Collected data
════════

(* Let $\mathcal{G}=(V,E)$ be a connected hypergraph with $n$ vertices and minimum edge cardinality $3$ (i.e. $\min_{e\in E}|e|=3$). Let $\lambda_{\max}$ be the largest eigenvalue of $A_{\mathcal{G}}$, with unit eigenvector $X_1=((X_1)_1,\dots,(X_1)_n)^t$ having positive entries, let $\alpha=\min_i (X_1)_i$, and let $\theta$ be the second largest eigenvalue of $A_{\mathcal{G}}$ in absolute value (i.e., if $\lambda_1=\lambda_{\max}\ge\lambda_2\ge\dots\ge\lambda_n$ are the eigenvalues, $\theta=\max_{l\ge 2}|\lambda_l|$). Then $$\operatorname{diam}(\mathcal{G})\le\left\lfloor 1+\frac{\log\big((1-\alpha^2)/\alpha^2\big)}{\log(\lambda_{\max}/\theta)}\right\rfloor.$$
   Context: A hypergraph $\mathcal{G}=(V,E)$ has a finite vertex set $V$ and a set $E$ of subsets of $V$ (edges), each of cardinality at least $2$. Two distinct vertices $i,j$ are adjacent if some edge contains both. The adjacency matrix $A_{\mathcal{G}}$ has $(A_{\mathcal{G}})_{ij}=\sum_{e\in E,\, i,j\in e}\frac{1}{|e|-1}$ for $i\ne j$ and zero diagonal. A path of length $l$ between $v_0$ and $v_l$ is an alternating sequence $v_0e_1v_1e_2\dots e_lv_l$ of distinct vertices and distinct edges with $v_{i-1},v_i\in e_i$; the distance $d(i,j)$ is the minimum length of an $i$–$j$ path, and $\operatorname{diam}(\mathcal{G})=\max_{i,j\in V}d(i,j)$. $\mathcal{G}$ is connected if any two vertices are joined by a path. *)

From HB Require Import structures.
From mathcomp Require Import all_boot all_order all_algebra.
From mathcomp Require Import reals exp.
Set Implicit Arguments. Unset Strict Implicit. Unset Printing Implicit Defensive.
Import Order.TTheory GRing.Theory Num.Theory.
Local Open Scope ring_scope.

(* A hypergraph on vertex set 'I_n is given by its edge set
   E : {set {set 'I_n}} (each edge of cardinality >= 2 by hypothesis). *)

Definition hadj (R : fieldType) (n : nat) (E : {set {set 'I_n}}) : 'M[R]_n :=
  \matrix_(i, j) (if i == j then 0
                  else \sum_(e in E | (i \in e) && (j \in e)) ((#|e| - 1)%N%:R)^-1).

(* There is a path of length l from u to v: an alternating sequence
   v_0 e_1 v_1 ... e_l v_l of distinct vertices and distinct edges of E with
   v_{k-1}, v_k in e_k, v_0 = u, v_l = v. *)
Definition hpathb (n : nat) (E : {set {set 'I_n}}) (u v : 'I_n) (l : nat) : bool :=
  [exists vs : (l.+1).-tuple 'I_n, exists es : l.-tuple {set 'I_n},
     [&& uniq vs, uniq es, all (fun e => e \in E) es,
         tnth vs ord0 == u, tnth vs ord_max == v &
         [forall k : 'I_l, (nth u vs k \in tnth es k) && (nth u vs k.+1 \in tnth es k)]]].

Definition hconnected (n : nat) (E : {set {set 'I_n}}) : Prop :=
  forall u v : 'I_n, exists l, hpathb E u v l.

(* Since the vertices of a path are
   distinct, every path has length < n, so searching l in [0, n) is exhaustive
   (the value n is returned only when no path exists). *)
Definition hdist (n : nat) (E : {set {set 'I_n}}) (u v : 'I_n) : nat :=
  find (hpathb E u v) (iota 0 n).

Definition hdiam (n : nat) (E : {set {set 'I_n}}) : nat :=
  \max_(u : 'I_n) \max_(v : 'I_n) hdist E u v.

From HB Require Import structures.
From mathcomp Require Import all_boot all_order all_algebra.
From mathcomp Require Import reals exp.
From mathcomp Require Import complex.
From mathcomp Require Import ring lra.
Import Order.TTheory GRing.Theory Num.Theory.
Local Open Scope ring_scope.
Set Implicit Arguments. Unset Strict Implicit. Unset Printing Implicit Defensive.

════════

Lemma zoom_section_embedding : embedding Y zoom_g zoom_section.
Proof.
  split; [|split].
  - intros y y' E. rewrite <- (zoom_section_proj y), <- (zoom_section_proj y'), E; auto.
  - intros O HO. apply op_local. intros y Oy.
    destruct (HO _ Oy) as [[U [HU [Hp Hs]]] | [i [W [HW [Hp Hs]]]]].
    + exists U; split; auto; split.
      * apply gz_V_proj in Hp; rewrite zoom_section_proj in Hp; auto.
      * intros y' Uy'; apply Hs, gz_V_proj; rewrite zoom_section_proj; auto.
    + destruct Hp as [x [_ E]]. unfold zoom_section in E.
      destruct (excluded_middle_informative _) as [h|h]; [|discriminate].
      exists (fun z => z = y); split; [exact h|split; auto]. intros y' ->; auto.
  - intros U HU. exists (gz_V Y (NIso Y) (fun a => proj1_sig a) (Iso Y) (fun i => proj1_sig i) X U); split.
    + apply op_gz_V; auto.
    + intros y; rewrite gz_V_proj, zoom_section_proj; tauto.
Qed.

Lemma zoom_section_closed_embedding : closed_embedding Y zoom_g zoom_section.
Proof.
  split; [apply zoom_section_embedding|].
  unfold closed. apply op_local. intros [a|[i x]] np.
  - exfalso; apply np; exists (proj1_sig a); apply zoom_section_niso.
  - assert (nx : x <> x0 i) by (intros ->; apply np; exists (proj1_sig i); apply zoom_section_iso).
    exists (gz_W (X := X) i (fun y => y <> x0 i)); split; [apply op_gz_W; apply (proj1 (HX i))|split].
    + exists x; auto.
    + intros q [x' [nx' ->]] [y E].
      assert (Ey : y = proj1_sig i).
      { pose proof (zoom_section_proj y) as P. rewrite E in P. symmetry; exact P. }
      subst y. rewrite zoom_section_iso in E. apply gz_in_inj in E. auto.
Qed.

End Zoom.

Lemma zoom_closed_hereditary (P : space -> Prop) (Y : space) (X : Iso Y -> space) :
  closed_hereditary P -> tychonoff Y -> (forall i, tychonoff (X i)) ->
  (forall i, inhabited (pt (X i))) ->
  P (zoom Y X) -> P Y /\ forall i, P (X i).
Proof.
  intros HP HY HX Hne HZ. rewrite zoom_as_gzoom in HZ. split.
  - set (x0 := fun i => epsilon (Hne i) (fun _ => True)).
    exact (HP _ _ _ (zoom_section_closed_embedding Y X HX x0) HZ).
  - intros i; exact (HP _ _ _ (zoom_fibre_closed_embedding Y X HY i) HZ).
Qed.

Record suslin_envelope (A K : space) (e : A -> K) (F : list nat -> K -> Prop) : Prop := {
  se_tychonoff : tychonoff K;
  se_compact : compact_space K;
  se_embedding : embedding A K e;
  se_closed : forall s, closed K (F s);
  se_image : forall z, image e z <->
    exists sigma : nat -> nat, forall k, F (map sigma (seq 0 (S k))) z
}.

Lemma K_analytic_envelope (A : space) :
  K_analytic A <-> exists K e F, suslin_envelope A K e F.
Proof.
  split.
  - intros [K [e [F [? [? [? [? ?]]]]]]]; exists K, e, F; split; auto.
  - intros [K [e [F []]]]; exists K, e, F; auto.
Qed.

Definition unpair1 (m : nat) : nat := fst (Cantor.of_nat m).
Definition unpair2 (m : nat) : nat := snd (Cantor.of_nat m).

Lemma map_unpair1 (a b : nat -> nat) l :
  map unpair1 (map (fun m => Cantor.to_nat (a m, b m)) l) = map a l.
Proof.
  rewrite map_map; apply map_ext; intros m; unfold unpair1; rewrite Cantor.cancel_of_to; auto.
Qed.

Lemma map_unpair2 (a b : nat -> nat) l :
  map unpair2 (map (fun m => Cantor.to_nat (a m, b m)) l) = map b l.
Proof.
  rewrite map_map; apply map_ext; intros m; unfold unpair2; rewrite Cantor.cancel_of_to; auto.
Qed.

════════

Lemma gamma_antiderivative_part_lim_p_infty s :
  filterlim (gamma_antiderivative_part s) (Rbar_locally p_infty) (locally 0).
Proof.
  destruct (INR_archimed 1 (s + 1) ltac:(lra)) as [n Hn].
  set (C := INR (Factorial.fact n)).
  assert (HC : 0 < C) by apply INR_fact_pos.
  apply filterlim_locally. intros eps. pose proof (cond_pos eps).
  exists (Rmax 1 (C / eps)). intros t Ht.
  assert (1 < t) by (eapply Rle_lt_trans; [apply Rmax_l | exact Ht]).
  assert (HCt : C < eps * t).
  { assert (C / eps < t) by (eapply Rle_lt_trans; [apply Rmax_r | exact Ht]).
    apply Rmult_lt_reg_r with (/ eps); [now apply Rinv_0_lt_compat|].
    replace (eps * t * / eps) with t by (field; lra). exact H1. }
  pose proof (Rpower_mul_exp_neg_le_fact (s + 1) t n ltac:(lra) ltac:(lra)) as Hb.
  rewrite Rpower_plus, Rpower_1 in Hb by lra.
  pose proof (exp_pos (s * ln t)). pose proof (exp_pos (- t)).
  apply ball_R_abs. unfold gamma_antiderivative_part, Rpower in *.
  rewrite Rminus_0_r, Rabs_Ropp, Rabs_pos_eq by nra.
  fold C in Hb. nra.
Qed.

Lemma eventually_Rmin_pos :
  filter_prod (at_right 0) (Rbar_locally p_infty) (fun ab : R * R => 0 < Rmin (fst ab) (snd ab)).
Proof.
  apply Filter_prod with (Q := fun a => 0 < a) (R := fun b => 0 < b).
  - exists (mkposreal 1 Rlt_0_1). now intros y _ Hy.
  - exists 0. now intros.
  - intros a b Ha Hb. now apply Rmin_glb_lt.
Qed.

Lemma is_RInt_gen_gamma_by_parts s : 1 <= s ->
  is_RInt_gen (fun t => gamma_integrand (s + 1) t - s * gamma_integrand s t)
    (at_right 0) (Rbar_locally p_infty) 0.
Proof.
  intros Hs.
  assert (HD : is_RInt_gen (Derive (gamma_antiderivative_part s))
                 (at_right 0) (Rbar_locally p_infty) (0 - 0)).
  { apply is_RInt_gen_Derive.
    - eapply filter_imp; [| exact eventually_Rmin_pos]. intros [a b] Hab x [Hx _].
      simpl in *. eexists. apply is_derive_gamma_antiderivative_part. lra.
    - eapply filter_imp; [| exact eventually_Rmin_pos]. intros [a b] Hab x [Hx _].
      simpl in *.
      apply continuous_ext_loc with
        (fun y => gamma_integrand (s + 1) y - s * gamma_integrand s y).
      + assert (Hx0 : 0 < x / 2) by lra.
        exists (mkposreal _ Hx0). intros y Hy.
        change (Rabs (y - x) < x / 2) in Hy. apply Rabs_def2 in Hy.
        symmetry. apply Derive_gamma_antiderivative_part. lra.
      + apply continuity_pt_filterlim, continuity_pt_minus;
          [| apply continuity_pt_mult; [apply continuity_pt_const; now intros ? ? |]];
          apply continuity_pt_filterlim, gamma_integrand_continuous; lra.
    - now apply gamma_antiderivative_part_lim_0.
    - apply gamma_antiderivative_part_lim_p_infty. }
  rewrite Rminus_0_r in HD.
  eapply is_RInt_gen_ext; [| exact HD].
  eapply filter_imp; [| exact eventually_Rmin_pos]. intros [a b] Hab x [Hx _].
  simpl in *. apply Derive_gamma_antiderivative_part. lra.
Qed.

════════

Exercise: Using the entries above, repeat only the lines from the one containing "(fun y => gamma_integrand" through the one containing "- now apply", end lines included.

Reply:
        (fun y => gamma_integrand (s + 1) y - s * gamma_integrand s y).
      + assert (Hx0 : 0 < x / 2) by lra.
        exists (mkposreal _ Hx0). intros y Hy.
        change (Rabs (y - x) < x / 2) in Hy. apply Rabs_def2 in Hy.
        symmetry. apply Derive_gamma_antiderivative_part. lra.
      + apply continuity_pt_filterlim, continuity_pt_minus;
          [| apply continuity_pt_mult; [apply continuity_pt_const; now intros ? ? |]];
          apply continuity_pt_filterlim, gamma_integrand_continuous; lra.
    - now apply gamma_antiderivative_part_lim_0.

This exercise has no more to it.